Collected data
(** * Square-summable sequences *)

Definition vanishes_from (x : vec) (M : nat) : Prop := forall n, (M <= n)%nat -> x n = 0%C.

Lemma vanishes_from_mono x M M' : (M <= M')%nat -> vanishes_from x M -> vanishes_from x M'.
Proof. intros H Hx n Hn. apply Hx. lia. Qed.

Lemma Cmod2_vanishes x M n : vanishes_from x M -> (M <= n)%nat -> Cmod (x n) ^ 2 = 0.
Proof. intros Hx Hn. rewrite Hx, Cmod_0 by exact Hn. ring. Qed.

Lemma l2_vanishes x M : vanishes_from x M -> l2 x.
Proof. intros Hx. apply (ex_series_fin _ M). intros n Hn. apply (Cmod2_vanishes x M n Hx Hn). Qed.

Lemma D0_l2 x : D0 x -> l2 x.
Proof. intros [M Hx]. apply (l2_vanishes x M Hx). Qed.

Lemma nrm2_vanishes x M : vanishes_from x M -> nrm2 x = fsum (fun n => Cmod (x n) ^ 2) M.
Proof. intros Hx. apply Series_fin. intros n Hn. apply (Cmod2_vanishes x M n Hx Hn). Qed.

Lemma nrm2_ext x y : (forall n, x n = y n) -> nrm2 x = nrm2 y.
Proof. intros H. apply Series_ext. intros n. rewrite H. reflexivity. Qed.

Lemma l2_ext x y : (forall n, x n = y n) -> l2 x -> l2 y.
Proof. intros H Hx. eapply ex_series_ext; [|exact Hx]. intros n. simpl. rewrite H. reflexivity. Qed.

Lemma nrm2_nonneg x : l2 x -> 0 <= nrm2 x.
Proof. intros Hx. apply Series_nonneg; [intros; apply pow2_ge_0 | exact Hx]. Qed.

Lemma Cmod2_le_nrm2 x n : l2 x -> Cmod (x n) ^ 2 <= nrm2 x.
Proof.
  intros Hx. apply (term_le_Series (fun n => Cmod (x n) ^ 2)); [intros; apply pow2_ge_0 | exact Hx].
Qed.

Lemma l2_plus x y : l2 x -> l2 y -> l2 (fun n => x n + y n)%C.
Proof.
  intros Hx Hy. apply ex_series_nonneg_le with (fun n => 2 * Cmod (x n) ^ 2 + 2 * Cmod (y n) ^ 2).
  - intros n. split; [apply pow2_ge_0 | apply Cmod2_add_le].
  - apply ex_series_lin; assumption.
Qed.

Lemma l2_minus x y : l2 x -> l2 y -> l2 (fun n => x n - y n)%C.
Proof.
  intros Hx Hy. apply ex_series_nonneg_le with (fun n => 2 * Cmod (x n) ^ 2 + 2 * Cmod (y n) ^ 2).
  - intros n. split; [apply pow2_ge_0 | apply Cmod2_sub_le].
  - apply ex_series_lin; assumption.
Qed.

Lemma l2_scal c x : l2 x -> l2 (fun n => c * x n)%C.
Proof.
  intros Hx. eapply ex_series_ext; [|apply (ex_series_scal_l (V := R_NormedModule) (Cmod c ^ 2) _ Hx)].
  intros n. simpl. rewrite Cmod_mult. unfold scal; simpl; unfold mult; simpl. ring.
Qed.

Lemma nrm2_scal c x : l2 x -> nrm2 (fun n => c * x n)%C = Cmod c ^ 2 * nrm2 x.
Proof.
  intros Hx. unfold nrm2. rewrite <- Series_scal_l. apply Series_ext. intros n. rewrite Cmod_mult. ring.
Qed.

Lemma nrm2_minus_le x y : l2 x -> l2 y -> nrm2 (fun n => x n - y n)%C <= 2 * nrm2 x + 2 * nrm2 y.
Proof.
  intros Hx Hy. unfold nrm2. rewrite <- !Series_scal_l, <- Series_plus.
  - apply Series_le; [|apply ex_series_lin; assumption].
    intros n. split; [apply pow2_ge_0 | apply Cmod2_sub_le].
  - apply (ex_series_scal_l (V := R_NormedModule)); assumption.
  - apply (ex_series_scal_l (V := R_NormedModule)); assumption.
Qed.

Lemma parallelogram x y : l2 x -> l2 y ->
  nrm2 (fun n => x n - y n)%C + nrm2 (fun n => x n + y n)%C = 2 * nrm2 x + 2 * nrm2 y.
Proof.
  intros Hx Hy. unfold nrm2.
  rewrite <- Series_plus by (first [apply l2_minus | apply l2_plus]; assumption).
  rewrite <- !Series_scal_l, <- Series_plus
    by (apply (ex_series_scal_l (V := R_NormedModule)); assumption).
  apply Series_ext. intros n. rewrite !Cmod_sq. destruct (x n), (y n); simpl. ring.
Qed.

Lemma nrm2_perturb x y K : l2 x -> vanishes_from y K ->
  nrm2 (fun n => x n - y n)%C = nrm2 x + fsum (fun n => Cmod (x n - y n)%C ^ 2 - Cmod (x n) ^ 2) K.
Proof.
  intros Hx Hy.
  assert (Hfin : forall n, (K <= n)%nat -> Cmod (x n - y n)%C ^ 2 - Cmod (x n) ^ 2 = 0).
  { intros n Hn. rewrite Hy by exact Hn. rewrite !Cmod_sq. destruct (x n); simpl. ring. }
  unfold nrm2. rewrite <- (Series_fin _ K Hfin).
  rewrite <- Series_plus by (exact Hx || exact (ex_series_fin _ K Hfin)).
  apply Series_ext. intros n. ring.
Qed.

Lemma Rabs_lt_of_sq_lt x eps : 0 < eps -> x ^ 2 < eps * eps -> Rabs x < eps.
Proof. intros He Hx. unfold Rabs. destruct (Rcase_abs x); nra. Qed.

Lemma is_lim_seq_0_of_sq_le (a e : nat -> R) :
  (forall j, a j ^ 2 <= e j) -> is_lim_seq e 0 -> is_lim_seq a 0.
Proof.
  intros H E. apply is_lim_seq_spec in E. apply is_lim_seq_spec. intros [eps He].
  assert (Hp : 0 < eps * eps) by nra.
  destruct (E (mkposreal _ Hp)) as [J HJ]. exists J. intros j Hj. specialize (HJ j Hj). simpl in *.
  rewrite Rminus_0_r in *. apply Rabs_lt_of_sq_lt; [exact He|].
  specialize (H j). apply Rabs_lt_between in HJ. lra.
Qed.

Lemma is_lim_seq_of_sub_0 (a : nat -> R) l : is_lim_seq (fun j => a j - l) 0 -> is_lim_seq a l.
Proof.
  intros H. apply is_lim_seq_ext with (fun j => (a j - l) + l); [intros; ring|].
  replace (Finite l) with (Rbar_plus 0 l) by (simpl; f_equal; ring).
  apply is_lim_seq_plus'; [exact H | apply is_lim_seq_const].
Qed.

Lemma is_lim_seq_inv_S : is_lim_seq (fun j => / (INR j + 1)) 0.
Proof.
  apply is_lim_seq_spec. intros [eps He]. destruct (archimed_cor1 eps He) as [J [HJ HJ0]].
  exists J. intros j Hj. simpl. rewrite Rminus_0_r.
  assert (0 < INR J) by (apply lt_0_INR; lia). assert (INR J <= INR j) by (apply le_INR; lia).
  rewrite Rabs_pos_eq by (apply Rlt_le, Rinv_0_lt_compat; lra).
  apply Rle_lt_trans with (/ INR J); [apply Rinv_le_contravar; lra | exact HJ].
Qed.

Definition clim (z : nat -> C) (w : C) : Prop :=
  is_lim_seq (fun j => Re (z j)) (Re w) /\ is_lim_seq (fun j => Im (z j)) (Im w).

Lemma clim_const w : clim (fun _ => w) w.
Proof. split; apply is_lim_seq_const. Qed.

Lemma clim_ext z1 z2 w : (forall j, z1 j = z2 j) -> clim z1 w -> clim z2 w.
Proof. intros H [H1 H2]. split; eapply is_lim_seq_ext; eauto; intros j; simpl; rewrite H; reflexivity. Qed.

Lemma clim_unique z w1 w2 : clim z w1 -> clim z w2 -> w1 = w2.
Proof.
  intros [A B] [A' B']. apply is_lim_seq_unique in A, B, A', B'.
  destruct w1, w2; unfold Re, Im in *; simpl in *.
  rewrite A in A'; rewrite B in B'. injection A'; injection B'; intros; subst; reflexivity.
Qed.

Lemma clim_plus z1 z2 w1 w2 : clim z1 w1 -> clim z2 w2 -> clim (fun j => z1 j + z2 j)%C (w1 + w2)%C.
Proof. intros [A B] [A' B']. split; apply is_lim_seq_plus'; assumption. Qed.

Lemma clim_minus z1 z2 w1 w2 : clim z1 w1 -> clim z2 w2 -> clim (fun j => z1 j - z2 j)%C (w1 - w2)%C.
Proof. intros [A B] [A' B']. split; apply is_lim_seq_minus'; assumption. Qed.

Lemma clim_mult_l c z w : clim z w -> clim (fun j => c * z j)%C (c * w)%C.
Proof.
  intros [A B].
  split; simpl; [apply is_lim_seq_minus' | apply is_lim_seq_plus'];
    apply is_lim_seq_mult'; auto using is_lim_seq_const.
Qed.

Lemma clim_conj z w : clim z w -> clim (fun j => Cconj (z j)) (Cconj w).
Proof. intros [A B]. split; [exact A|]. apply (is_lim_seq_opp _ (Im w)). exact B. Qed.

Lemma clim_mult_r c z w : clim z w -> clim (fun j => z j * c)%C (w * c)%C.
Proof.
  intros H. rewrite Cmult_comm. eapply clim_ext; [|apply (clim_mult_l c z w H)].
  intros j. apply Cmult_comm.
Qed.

TASK PROMPT: Find the lines above that hold "specialize", then copy each of them.

RESPONSE AREA:
  destruct (E (mkposreal _ Hp)) as [J HJ]. exists J. intros j Hj. specialize (HJ j Hj). simpl in *.
  specialize (H j). apply Rabs_lt_between in HJ. lra.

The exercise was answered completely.